1. Field of the Invention
The present invention relates to a MOS transistor structure and, more particularly, to a MOS transistor structure and a method of forming the structure with vertically and horizontally-elongated metal contacts.
2. Description of the Related Art
A metal oxide semiconductor (MOS) transistor is a well-known semiconductor device which can be implemented as either an n-channel (NMOS) device or a p-channel (PMOS) device. A MOS transistor has spaced-apart source and drain regions, which are separated by a channel, and a gate that lies over the channel. The gate is insulated from the channel by a gate dielectric layer.
A metal-gate MOS transistor is a type of MOS transistor that utilizes a metal gate and a high-k gate dielectric layer. Current-generation methods, e.g., 20 nm and below, fabricate metal-gate MOS transistors by forming the source and drain regions, the channel, the gate dielectric layer, and the gate as elongated structures.
Metal-gate MOS transistors are connected to a metal interconnect structure that electrically connects the MOS transistors together to form an electrical circuit. The metal interconnect structure includes layers of metal traces that are electrically isolated from each other by layers of isolation material, and metal vias that extend through the layers of isolation material to electrically connect adjacent layers of metal traces.
The metal interconnect structure also includes metal contacts that extend through the bottom layer of isolation material to make electrical connections to the source and drain regions of the MOS transistors. The metal contacts are formed in metal contact openings that extend through the bottom layer of isolation material to expose the source and drain regions.
Conventionally, the metal contacts are fabricated by forming a patterned hard mask on the bottom layer of isolation material. The patterned hard mask has a number of square openings that lie over the source and drain regions. Once the patterned hard mask has been formed, the bottom isolation layer is etched.

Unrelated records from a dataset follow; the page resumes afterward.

Lemma sumr_nat_eq1 (R : pzSemiRingType) lo hi p :
  \sum_(lo <= m < hi) ((m == p)%:R : R) = ((lo <= p) && (p < hi))%N%:R.
Proof.
elim: hi => [|hi IHhi]; first by rewrite big_geq // ltn0 andbF.
have [lohi|hilo] := leqP lo hi; last by rewrite big_geq //; case: andP => //; lia.
rewrite big_nat_recr //= IHhi; have [->|neq_p] := eqVneq p hi.
  by rewrite ltnn lohi ltnSn /= add0r.
by rewrite addr0 ltnS [(p <= hi)%N]leq_eqVlt (negbTE neq_p).
Qed.

Lemma prodr_nat_D2 (R : comPzSemiRingType) lo hi i e (F : nat -> R) :
  (lo <= i < hi)%N -> (lo <= e < hi)%N -> i != e ->
  \prod_(lo <= m < hi) F m = F i * F e * \prod_(lo <= m < hi | (m != i) && (m != e)) F m.
Proof.
move=> hi' he neq_ie.
have i_in : i \in index_iota lo hi by rewrite mem_index_iota.
rewrite (bigD1_seq i i_in (iota_uniq _ _)) -mulrA; congr (_ * _).
rewrite big_mkcond (bigD1_seq e _ (iota_uniq _ _)) ?mem_index_iota //= eq_sym neq_ie.
congr (_ * _); rewrite [RHS](eq_bigl (fun m => (m != e) && (m != i))) ?big_mkcondr //.
by move=> m; rewrite andbC.
Qed.

Section NumRanges.
Variable R : numDomainType.
Implicit Types x z : nat -> R.

Lemma sumr_nat_ge0 lo hi x : (forall m, (lo <= m < hi)%N -> 0 <= x m) ->
  0 <= \sum_(lo <= m < hi) x m.
Proof. by move=> x_ge0; rewrite big_nat_cond; apply: sumr_ge0 => m /andP[/x_ge0]. Qed.

Lemma prodr_nat_ge0 lo hi x : (forall m, (lo <= m < hi)%N -> 0 <= x m) ->
  0 <= \prod_(lo <= m < hi) x m.
Proof. by move=> x_ge0; rewrite big_nat_cond; apply: prodr_ge0 => m /andP[/x_ge0]. Qed.

Lemma prodr_nat_gt0 lo hi x : (forall m, (lo <= m < hi)%N -> 0 < x m) ->
  0 < \prod_(lo <= m < hi) x m.
Proof. by move=> x_gt0; rewrite big_nat_cond; apply: prodr_gt0 => m /andP[/x_gt0]. Qed.

Lemma prodr_nat_lt lo hi p x z : (lo <= p < hi)%N ->
  (forall m, (lo <= m < hi)%N -> 0 <= x m <= z m) ->
  (forall m, (lo <= m < hi)%N -> 0 < z m) -> x p < z p ->
  \prod_(lo <= m < hi) x m < \prod_(lo <= m < hi) z m.
Proof.
move=> hp le_xz z_gt0 lt_p.
have p_in : p \in index_iota lo hi by rewrite mem_index_iota.
rewrite (bigD1_seq p p_in (iota_uniq _ _)) [X in _ < X](bigD1_seq p p_in (iota_uniq _ _)) /=.
rewrite big_seq_cond [X in _ < _ * X]big_seq_cond.
set P := (fun m => (m \in index_iota lo hi) && (m != p)).
have le_rest : \prod_(m <- index_iota lo hi | P m) x m <= \prod_(m <- index_iota lo hi | P m) z m.
  by apply: ler_prod => m /andP[]; rewrite mem_index_iota => /le_xz.
have rest_gt0 : 0 < \prod_(m <- index_iota lo hi | P m) z m.
  by apply: prodr_gt0 => m /andP[]; rewrite mem_index_iota => /z_gt0.
have /andP[xp_ge0 _] := le_xz _ hp.
by apply: le_lt_trans (ler_wpM2l xp_ge0 le_rest) _; rewrite ltr_pM2r.
Qed.

End NumRanges.

Lemma ler_mul_norm (R : realDomainType) (t s K : R) : 0 <= K -> `|t| <= s -> t * K <= s * K.
Proof. by move=> K_ge0 ts; apply: ler_wpM2r => //; apply: le_trans (ler_norm t) ts. Qed.

Section NearZero.
Variable R : realFieldType.
Implicit Types P Q : R -> Prop.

The etch forms source metal contact openings that expose the source regions, and drain metal contact openings that expose the drain regions. The source metal contact openings and the drain metal contact openings are square as a result of the square openings in the patterned hard mask. The patterned hard mask is then removed.
After this, silicide layers are formed on the exposed source and drain regions, followed by the formation of metal contacts that lie in the source and drain metal contact openings, and touch the source and drain silicide layers and the bottom isolation layer. The metal contacts are square as a result of the square source and drain metal contact openings.